PNNs are a group of ANNs obtained from Bayesian calculations and the nucleus density method. PNNs often learn more quickly than many neural network models. Its training time, resistance to noise, simple structure, and training manner make this type widely used in modern research and various applications [19].
According to the PNN topology, there is no need for massive back-propagation training computations. Instead, each data pattern is represented with a unit that measures the similarity of the input patterns to the data pattern. The point is that the PNN learns to estimate the probability density function. Its output is considered the model’s expected value at a given point in the input space. The output layer of the PNN estimates the probability of an element belonging to a particular class. The PNN topology is presented in Figure 1. A complete analysis and mathematical explanation are presented in [20].
Today, PNNs are widely used in order to solve various issues that researchers have attempted to address. PNNs facilitate the smooth and accurate classification of complex models with arbitrary solution boundary shapes [20].
Another ML method that we used in this research is SVM. It is one of the most common ML methods used for classification, regression, or the detection of outliers. This method shows high efficiency in binary classification (when the data have exactly two classes) [21]. Compared with other statistical learning algorithms, SVM implementation often provides a high level of performance, especially when using high-dimensionality data or data with a small number of training examples [16,17].
SVM is a powerful algorithm that finds the best possible decision boundary and separates the data points of different classes in a high-dimensional feature space. To implement SVM, the data points are first mapped to a higher dimensional feature space using a kernel function. In the feature space, SVM finds the best decision boundary that maximizes the margin between the classes. Once the decision boundary is found, SVM can predict the class of new data points by determining which side of the decision boundary they lie on. SVM is a powerful algorithm that can handle large datasets and works well with both linearly separable and non-linearly separable data. A classical SVM application mathematical theory is explained in [22].
The advantage of this method is also universality. Different kernel functions provide processing data through a set of mathematical functions. The kernel plays an essential role in classification and is used to analyze some patterns in a particular data set. Different algorithmic implementations of SVM can use different types of kernel functions. The most popular are Linear, Sigmoid, Polynomial, Radial Basis Function (RBF), Gaussian kernel, and Bessel function kernel. It is worth noting that the accuracy of the classifier, to some extent, depends on the choice of specific kernels [23]. Since this method shows good results in binary classification, we chose it as the basic algorithm of the ensemble model. To build the ensemble method, we used SVM and LR, also considering previous studies’ results. After investigating the effectiveness of different ML-based classifiers in solving the prediction task, these methods showed the highest accuracy [24]. The LR assumes that the relationship between the input features and the output variable is linear on the logit scale and estimates the coefficients of the linear equation using maximum likelihood estimation. LR is a statistical model commonly used for binary classification tasks to predict whether an observation belongs to one of two classes. Despite its simplicity, LR can achieve high performance on a wide range of classification problems.

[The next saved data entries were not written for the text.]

(* Let $f,g,h$ be smooth real functions of one variable with $f\neq 0$, $g\neq 0$, $g'\neq 0$. Then the equation $$u_t-f(u)u_x-g(u)u_{xx}+h(u)u_x^2=0$$ is quasi self-adjoint with the substitution $$\phi(u)=M\exp\left(-\int\frac{g'(u)+h(u)}{g(u)}\,du\right),$$ where $M\neq 0$ is a constant.
   Context: For a differential equation $\mathfrak{F}[u]=0$ in independent variables $t,x$ and dependent variable $u$, introduce a new dependent variable $\nu=\nu(t,x)$. The formal Lagrangian is $\mathfrak{L}=\nu\mathfrak{F}$ and the adjoint is $\mathfrak{F}^*=\frac{\delta\mathfrak{L}}{\delta u}$, where $\frac{\delta}{\delta u}=\frac{\partial}{\partial u}-D_t\frac{\partial}{\partial u_t}-D_x\frac{\partial}{\partial u_x}+D_x^2\frac{\partial}{\partial u_{xx}}$ and $D_t,D_x$ are total derivatives. The equation is quasi self-adjoint if there is a substitution $\nu=\phi(u)\neq 0$ (derivatives of $\nu$ replaced by total derivatives of $\phi(u)$) such that $\mathfrak{F}^*|_{\nu=\phi(u)}=\lambda\mathfrak{F}$ for some coefficient $\lambda=\lambda(t,x,u,\dots)$. *)

From Stdlib Require Import Reals List.
From Coquelicot Require Import Coquelicot.
Open Scope R_scope.

Definition field2 := R -> R -> R.

(* A (second-order) jet function: E(t, x, u, u_t, u_x, u_xx). *)
Definition jet2 := R -> R -> R -> R -> R -> R -> R.

Definition pt (v : field2) : field2 := fun t x => Derive (fun s => v s x) t.
Definition px (v : field2) : field2 := fun t x => Derive (fun y => v t y) x.

Definition prol (E : jet2) (u : field2) : field2 :=
  fun t x => E t x (u t x) (pt u t x) (px u t x) (px (px u) t x).

Definition dJ_u (E : jet2) : jet2 :=
  fun t x u ut ux uxx => Derive (fun v => E t x v ut ux uxx) u.
Definition dJ_ut (E : jet2) : jet2 :=
  fun t x u ut ux uxx => Derive (fun v => E t x u v ux uxx) ut.
Definition dJ_ux (E : jet2) : jet2 :=
  fun t x u ut ux uxx => Derive (fun v => E t x u ut v uxx) ux.
Definition dJ_uxx (E : jet2) : jet2 :=
  fun t x u ut ux uxx => Derive (fun v => E t x u ut ux v) uxx.

(* Formal Lagrangian  L = nu * F, with nu a new dependent variable
   (given here as the value of nu as an extra parameter). *)
Definition formal_lagrangian (F : jet2) (nu : R) : jet2 :=
  fun t x u ut ux uxx => nu * F t x u ut ux uxx.

Definition prolL (G : R -> jet2) (u nu : field2) : field2 :=
  fun t x => G (nu t x) t x (u t x) (pt u t x) (px u t x) (px (px u) t x).

(* The adjoint F^* = delta L / delta u, total derivatives being computed as
   actual derivatives along the fields u(t,x), nu(t,x). *)
Definition adjoint (F : jet2) (u nu : field2) : field2 :=
  fun t x =>
    prolL (fun n => dJ_u (formal_lagrangian F n)) u nu t x
    - pt (prolL (fun n => dJ_ut (formal_lagrangian F n)) u nu) t x
    - px (prolL (fun n => dJ_ux (formal_lagrangian F n)) u nu) t x
    + px (px (prolL (fun n => dJ_uxx (formal_lagrangian F n)) u nu)) t x.

Fixpoint iter_partial (w : list bool) (v : field2) : field2 :=
  match w with
  | nil => v
  | b :: w' => (if b then pt else px) (iter_partial w' v)
  end.

Definition smooth2 (u : field2) : Prop :=
  forall (w : list bool) (t x : R),
    ex_derive (fun s => iter_partial w u s x) t /\
    ex_derive (fun y => iter_partial w u t y) x /\
    continuous (fun p : R * R => iter_partial w u (fst p) (snd p)) (t, x).

Definition smooth1 (f : R -> R) : Prop :=
  forall (n : nat) (y : R), ex_derive (Derive_n f n) y.

Definition quasi_self_adjoint_with (F : jet2) (phi : R -> R) : Prop :=
  (forall y, phi y <> 0) /\
  exists lambda : jet2,
    forall u : field2, smooth2 u ->
      forall t x,
        adjoint F u (fun t' x' => phi (u t' x')) t x
        = prol lambda u t x * prol F u t x.

Definition eqF (f g h : R -> R) : jet2 :=
  fun _ _ u ut ux uxx => ut - f u * ux - g u * uxx + h u * ux ^ 2.

(** With [nu = phi(u)] the adjoint of [u_t - f u_x - g u_xx + h u_x^2] is a
    combination of [u_t], [u_x], [u_x^2], [u_xx] whose [f'] and [h'] terms
    cancel identically.  If [(phi g)' = - phi h], i.e. [phi'/phi = -(g'+h)/g],
    the remaining coefficients are exactly [-phi'(u)] times those of the
    equation, so [F^* = -phi'(u) F].  The substitution [phi = M exp(-A)] with
    [A' = (g'+h)/g] solves this linear ODE and does not vanish. *)
From Stdlib Require Import Reals List.
From Coquelicot Require Import Coquelicot.
Open Scope R_scope.

Lemma smooth1_ex_derive (f : R -> R) : smooth1 f -> forall y, ex_derive f y.
Proof. intros Hf y. exact (Hf 0%nat y). Qed.

Lemma pt_ext (v w : field2) t x :
  (forall s, v s x = w s x) -> pt v t x = pt w t x.
Proof. intro E. apply Derive_ext, E. Qed.

Lemma px_ext (v w : field2) t x :
  (forall y, v t y = w t y) -> px v t x = px w t x.
Proof. intro E. apply Derive_ext, E. Qed.

Lemma pt_comp (phi : R -> R) (u : field2) t x :
  (forall y, ex_derive phi y) -> ex_derive (fun s => u s x) t ->
  pt (fun t' x' => phi (u t' x')) t x = Derive phi (u t x) * pt u t x.
Proof.
  intros Hphi Hu. unfold pt. rewrite Derive_comp; auto. apply Rmult_comm.
Qed.

(* [auto_derive] writes the derivative of an opaque [f] as [Derive (fun x => f x)],
   which [ring] does not identify with [Derive f]. *)
Ltac fold_Derive :=
  repeat match goal with
  | |- context [Derive (fun y => ?k y)] =>
      is_var k; change (Derive (fun y => k y)) with (Derive k)
  end.

Section FormalLagrangian.

Variables f g h : R -> R.
Hypothesis f_diff : forall y, ex_derive f y.
Hypothesis g_diff : forall y, ex_derive g y.
Hypothesis h_diff : forall y, ex_derive h y.

Let L := formal_lagrangian (eqF f g h).

Lemma dJ_u_eqF n t x v vt vx vxx :
  dJ_u (L n) t x v vt vx vxx
  = n * (- Derive f v * vx - Derive g v * vxx + Derive h v * vx ^ 2).
Proof.
  apply is_derive_unique; unfold L, formal_lagrangian, eqF.
  auto_derive; [auto | fold_Derive; ring].
Qed.

Lemma dJ_ut_eqF n t x v vt vx vxx : dJ_ut (L n) t x v vt vx vxx = n.
Proof.
  apply is_derive_unique; unfold L, formal_lagrangian, eqF.
  auto_derive; [auto | ring].
Qed.

Lemma dJ_ux_eqF n t x v vt vx vxx :
  dJ_ux (L n) t x v vt vx vxx = n * (- f v + 2 * h v * vx).
Proof.
  apply is_derive_unique; unfold L, formal_lagrangian, eqF.
  auto_derive; [auto | ring].
Qed.

Lemma dJ_uxx_eqF n t x v vt vx vxx : dJ_uxx (L n) t x v vt vx vxx = - n * g v.
Proof.
  apply is_derive_unique; unfold L, formal_lagrangian, eqF.
  auto_derive; [auto | ring].
Qed.

Variable phi : R -> R.
Hypothesis phi_diff : forall y, ex_derive phi y.
Hypothesis phi_g_h : forall y, Derive phi y * g y + phi y * (Derive g y + h y) = 0.

Local Notation nu u := (fun t' x' => phi (u t' x')).

Variable u : field2.

Lemma adjoint_eqF_ut_term t x :
  ex_derive (fun s => u s x) t ->
  pt (prolL (fun n => dJ_ut (L n)) u (nu u)) t x = Derive phi (u t x) * pt u t x.
Proof.
  intro Hu. rewrite <- pt_comp by assumption.
  apply pt_ext; intro s. apply dJ_ut_eqF.
Qed.

Lemma adjoint_eqF_ux_term t x :
  ex_derive (fun y => u t y) x -> ex_derive (fun y => px u t y) x ->
  px (prolL (fun n => dJ_ux (L n)) u (nu u)) t x
  = Derive phi (u t x) * px u t x * (- f (u t x) + 2 * h (u t x) * px u t x)
    + phi (u t x) * (- Derive f (u t x) * px u t x
                     + 2 * (Derive h (u t x) * px u t x ^ 2 + h (u t x) * px (px u) t x)).
Proof.
  intros Hu Hux.
  rewrite (px_ext _ (fun t' y => phi (u t' y) * (- f (u t' y) + 2 * h (u t' y) * px u t' y)))
    by (intro y; apply dJ_ux_eqF).
  apply is_derive_unique. auto_derive.
  - repeat split; auto.
  - fold_Derive. unfold px. ring.
Qed.

(* The relation [(phi g)' = - phi h] collapses the first [x]-derivative. *)
Lemma adjoint_eqF_uxx_first_derivative t x :
  ex_derive (fun y => u t y) x ->
  px (prolL (fun n => dJ_uxx (L n)) u (nu u)) t x
  = phi (u t x) * h (u t x) * px u t x.
Proof.
  intro Hu.
  rewrite (px_ext _ (fun t' y => - phi (u t' y) * g (u t' y))) by (intro y; apply dJ_uxx_eqF).
  apply is_derive_unique. auto_derive.
  - repeat split; auto.
  - fold_Derive. unfold px.
    transitivity (phi (u t x) * h (u t x) * Derive (fun y => u t y) x
      - Derive (fun y => u t y) x * (Derive phi (u t x) * g (u t x)
                                      + phi (u t x) * (Derive g (u t x) + h (u t x)))).
    + ring.
    + rewrite phi_g_h. ring.
Qed.

Lemma adjoint_eqF_uxx_term t x :
  (forall y, ex_derive (fun y => u t y) y) -> ex_derive (fun y => px u t y) x ->
  px (px (prolL (fun n => dJ_uxx (L n)) u (nu u))) t x
  = Derive phi (u t x) * h (u t x) * px u t x ^ 2
    + phi (u t x) * (Derive h (u t x) * px u t x ^ 2 + h (u t x) * px (px u) t x).
Proof.
  intros Hu Hux.
  rewrite (px_ext _ (fun t' y => phi (u t' y) * h (u t' y) * px u t' y))
    by (intro y; apply adjoint_eqF_uxx_first_derivative, Hu).
  apply is_derive_unique. auto_derive.
  - repeat split; auto.
  - fold_Derive. unfold px. ring.
Qed.

Lemma adjoint_eqF t x :
  (forall y, ex_derive (fun y => u t y) y) -> ex_derive (fun s => u s x) t ->
  ex_derive (fun y => px u t y) x ->
  adjoint (eqF f g h) u (nu u) t x = - Derive phi (u t x) * prol (eqF f g h) u t x.
Proof.
  intros Hux Hut Huxx. unfold adjoint.
  rewrite adjoint_eqF_ut_term, adjoint_eqF_ux_term, adjoint_eqF_uxx_term by auto.
  unfold prolL. rewrite dJ_u_eqF.
  transitivity (- Derive phi (u t x) * prol (eqF f g h) u t x
    - px (px u) t x * (Derive phi (u t x) * g (u t x)
                       + phi (u t x) * (Derive g (u t x) + h (u t x)))).
  - unfold prol, eqF. ring.
  - rewrite phi_g_h. ring.
Qed.

End FormalLagrangian.

Theorem quasi_self_adjoint_eqF (f g h phi : R -> R) :
  (forall y, ex_derive f y) -> (forall y, ex_derive g y) -> (forall y, ex_derive h y) ->
  (forall y, ex_derive phi y) -> (forall y, phi y <> 0) ->
  (forall y, Derive phi y * g y + phi y * (Derive g y + h y) = 0) ->
  quasi_self_adjoint_with (eqF f g h) phi.
Proof.
  intros Hf Hg Hh Hphi Hphi0 Hode. split; [exact Hphi0 |].
  exists (fun _ _ v _ _ _ => - Derive phi v).
  intros u Hu t x.
  apply adjoint_eqF; auto.
  - intro y. apply (Hu nil t y).
  - apply (Hu nil t x).
  - apply (Hu (false :: nil) t x).
Qed.

Theorem corollary1 (f g h : R -> R) (M : R) (A : R -> R) :
  smooth1 f -> smooth1 g -> smooth1 h ->
  f <> (fun _ => 0) ->
  (forall y, g y <> 0) ->
  Derive g <> (fun _ => 0) ->
  M <> 0 ->
  (forall y, is_derive A y ((Derive g y + h y) / g y)) ->
  quasi_self_adjoint_with (eqF f g h) (fun y => M * exp (- A y)).
Proof.
  intros Hf Hg Hh _ Hg0 _ HM HA.
  assert (HA' : forall y, ex_derive A y) by (intro y; eexists; apply HA).
  apply quasi_self_adjoint_eqF; auto using smooth1_ex_derive.
  - intro y. auto_derive. apply HA'.
  - intro y. apply Rmult_integral_contrapositive_currified; [exact HM |].
    apply Rgt_not_eq, exp_pos.
  - intro y.
    replace (Derive (fun y => M * exp (- A y)) y)
      with (- M * exp (- A y) * ((Derive g y + h y) / g y)).
    + field. apply Hg0.
    + symmetry. apply is_derive_unique. auto_derive; [apply HA' |].
      fold_Derive. rewrite (is_derive_unique _ _ _ (HA y)). ring.
Qed.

3.2. The Proposed Ensemble Model

In this work, the stacking ensemble of the SVM, with the expansion of the input data set via PNN, was implemented. The main idea of such a hybrid approach is to use the summation layer of the PNN topology as a tool for pre-processing data for further use. The processed data set is added to each relevant vector of the initial training and test data samples. This scheme ensures an expansion of the input data space via the probability of the data belonging to each class, which theoretically should increase the probability of the correct result in the classification tasks based on the ML algorithm. In addition, the ensemble method is used as one of the ways to increase the accuracy of the prediction results. We propose Logistic Regression for a meta-algorithm as it is effective and relatively fast compared to other algorithms, making it suitable for real-time applications. We use SVM, as it is one of the most commonly used algorithms in current research and was the most accurate in our previous investigation classification method [24].
Given the possibilities of the methods described above, in this study, we presented a heterogeneous ensemble of SVM with four different kernels, with the expansion of the input data set using PNN and LR as a meta-algorithm.
The essence of the ensemble method is the simultaneous application of several basic algorithms. In this method, algorithms can be taught in parallel, which provides an opportunity to improve the results’ accuracy. Several approaches to building ensemble algorithms exist, such as stacking, boosting, and bagging. Boosting is the continuous application of each model, with each subsequent one correcting the errors of the previous one. The basic algorithms are learned in parallel using the bagging ensemble method, and the final results are aggregated. When using stacking, several different algorithms are trained, and at their outputs, the meta-algorithm gives the final result. The stacking ensemble method is used in this work. The scheme of the proposed model is shown in Figure 2.
Therefore, the model works as follows. In the first stage, we use PNN on the initial data set. As a result, we obtain an additional set of probabilities from the PNN’s summation layer, which increases the features of the initial data set. Next, the extended data set is processed using a heterogeneous stacking ensemble.

3.3. Dataset Description

The effectiveness of the chosen method was evaluated based on a real dataset of admissions to HEIs. It includes information about the admission results of 29 universities. This data set is freely available, which is the main reason for its use in this work. It can be downloaded from [25]. Because of the importance of data preprocessing, we chose this well-prepared dataset, which included all the necessary procedures for data processing, selecting essential attributes, and preparing them for further intellectual analysis. Some dataset statistics are presented in Table 1. The following are mentioned in the table: mean—the average or the most common value in a collection of numbers; median—the middle value of a set of numbers; dispersion—the extent to which a distribution is stretched or squeezed; and minimum and maximum values of the featured dataset.
In total, 1653 observations in this data set did not contain gaps. That is why the specified data set was used to test the developed method in its current form.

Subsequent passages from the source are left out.